── MATERIAL FOR THIS TASK

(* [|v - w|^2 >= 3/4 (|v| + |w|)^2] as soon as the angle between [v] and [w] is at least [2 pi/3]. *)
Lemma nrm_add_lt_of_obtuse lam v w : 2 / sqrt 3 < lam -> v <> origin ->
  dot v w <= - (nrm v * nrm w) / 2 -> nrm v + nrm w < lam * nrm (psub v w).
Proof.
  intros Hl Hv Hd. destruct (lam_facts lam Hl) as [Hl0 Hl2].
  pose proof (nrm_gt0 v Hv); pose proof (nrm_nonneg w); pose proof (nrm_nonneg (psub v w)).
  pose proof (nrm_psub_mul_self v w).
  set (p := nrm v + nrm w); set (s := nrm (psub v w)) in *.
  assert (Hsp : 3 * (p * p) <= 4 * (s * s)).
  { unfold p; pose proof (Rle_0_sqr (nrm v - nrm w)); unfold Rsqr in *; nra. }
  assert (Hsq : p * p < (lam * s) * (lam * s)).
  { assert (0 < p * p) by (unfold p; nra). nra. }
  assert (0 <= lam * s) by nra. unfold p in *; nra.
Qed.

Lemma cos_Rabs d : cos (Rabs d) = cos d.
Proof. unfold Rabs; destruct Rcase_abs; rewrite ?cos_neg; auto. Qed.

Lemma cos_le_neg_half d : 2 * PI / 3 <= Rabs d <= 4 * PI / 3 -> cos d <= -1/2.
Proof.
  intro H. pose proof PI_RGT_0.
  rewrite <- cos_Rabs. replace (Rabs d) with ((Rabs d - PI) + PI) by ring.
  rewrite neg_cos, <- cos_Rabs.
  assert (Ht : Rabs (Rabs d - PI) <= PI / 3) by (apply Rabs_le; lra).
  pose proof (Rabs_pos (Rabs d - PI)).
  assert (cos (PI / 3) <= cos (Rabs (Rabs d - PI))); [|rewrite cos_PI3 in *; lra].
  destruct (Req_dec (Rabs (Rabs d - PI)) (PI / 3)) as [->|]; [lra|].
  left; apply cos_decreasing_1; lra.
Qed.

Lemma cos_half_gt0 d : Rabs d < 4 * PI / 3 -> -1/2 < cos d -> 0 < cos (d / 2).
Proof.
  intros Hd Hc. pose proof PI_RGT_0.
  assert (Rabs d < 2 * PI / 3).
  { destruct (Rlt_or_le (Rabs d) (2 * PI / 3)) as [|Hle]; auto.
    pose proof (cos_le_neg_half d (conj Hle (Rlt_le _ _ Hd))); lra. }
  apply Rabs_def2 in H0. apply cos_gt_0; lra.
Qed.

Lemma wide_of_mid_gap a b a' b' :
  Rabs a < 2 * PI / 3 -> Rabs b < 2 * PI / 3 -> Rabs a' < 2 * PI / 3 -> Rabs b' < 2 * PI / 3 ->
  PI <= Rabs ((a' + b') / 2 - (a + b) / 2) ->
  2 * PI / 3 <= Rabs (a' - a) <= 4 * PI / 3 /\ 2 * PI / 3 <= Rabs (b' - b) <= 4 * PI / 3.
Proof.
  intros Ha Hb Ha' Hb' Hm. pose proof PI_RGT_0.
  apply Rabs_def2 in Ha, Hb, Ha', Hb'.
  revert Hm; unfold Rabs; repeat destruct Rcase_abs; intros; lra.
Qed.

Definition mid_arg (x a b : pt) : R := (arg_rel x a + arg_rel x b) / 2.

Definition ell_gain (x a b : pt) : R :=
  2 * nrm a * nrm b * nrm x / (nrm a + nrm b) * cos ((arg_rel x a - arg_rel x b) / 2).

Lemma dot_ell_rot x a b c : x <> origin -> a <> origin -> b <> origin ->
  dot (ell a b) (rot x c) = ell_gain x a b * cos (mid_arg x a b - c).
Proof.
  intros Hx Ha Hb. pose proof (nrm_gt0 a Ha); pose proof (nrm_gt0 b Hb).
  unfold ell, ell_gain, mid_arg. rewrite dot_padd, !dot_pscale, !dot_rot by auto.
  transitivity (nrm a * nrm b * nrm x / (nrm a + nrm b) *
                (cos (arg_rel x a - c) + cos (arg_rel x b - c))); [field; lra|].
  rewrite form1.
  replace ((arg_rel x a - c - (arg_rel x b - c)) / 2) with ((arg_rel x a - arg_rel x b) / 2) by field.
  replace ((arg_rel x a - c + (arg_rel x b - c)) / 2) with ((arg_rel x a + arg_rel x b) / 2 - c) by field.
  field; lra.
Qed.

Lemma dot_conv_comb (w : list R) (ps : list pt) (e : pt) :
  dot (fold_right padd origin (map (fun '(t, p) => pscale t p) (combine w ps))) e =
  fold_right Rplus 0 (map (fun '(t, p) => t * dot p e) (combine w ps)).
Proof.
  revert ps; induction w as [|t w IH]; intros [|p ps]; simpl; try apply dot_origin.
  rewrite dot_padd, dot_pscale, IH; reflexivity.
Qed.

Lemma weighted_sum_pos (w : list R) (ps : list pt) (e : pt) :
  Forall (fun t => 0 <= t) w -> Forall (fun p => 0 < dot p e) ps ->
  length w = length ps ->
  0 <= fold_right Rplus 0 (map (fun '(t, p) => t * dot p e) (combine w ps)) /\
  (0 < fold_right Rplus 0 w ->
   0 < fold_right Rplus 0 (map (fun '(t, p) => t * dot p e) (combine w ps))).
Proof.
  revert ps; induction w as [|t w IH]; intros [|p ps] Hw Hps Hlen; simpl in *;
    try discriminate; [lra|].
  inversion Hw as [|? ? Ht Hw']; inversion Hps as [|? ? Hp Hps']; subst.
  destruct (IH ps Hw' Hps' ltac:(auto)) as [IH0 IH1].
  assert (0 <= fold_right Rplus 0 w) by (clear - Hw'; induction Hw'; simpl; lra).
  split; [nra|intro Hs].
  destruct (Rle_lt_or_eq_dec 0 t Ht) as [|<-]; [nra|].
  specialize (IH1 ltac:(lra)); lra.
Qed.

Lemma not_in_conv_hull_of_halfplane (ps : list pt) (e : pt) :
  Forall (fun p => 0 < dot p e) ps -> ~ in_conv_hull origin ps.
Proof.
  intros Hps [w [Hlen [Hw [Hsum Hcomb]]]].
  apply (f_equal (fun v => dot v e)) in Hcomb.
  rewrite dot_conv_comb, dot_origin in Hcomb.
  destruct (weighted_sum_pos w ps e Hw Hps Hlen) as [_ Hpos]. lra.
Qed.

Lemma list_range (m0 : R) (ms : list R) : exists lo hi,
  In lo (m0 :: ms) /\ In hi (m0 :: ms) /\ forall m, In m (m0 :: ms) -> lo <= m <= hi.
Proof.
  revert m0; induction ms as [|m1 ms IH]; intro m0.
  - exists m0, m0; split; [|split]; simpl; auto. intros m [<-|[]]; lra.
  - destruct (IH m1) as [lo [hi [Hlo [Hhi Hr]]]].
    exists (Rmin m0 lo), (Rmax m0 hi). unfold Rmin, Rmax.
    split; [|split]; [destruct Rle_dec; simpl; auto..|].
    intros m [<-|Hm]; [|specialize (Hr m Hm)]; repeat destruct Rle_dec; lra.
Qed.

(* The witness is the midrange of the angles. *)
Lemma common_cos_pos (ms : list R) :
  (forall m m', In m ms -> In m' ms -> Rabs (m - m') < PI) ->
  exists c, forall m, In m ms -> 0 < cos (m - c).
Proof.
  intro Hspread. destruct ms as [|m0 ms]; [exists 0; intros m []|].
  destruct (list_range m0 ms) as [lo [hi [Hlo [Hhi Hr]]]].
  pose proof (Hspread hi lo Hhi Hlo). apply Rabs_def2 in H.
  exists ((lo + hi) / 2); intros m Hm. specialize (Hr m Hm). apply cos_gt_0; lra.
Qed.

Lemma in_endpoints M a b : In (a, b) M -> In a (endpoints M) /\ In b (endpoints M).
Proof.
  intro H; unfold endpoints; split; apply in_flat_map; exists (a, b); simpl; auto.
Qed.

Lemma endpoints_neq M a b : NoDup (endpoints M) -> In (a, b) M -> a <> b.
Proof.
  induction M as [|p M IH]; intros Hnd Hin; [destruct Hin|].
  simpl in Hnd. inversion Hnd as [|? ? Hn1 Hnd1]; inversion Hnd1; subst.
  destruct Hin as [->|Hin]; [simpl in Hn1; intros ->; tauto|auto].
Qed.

────

** DESCRIPTION OF THE TASK **
Write out exactly the lines between the start of the entries and the line containing "Proof. unfold Rabs;", including that line and the first one.

** ANSWER TO THIS TASK **
(* [|v - w|^2 >= 3/4 (|v| + |w|)^2] as soon as the angle between [v] and [w] is at least [2 pi/3]. *)
Lemma nrm_add_lt_of_obtuse lam v w : 2 / sqrt 3 < lam -> v <> origin ->
  dot v w <= - (nrm v * nrm w) / 2 -> nrm v + nrm w < lam * nrm (psub v w).
Proof.
  intros Hl Hv Hd. destruct (lam_facts lam Hl) as [Hl0 Hl2].
  pose proof (nrm_gt0 v Hv); pose proof (nrm_nonneg w); pose proof (nrm_nonneg (psub v w)).
  pose proof (nrm_psub_mul_self v w).
  set (p := nrm v + nrm w); set (s := nrm (psub v w)) in *.
  assert (Hsp : 3 * (p * p) <= 4 * (s * s)).
  { unfold p; pose proof (Rle_0_sqr (nrm v - nrm w)); unfold Rsqr in *; nra. }
  assert (Hsq : p * p < (lam * s) * (lam * s)).
  { assert (0 < p * p) by (unfold p; nra). nra. }
  assert (0 <= lam * s) by nra. unfold p in *; nra.
Qed.

Lemma cos_Rabs d : cos (Rabs d) = cos d.
Proof. unfold Rabs; destruct Rcase_abs; rewrite ?cos_neg; auto. Qed.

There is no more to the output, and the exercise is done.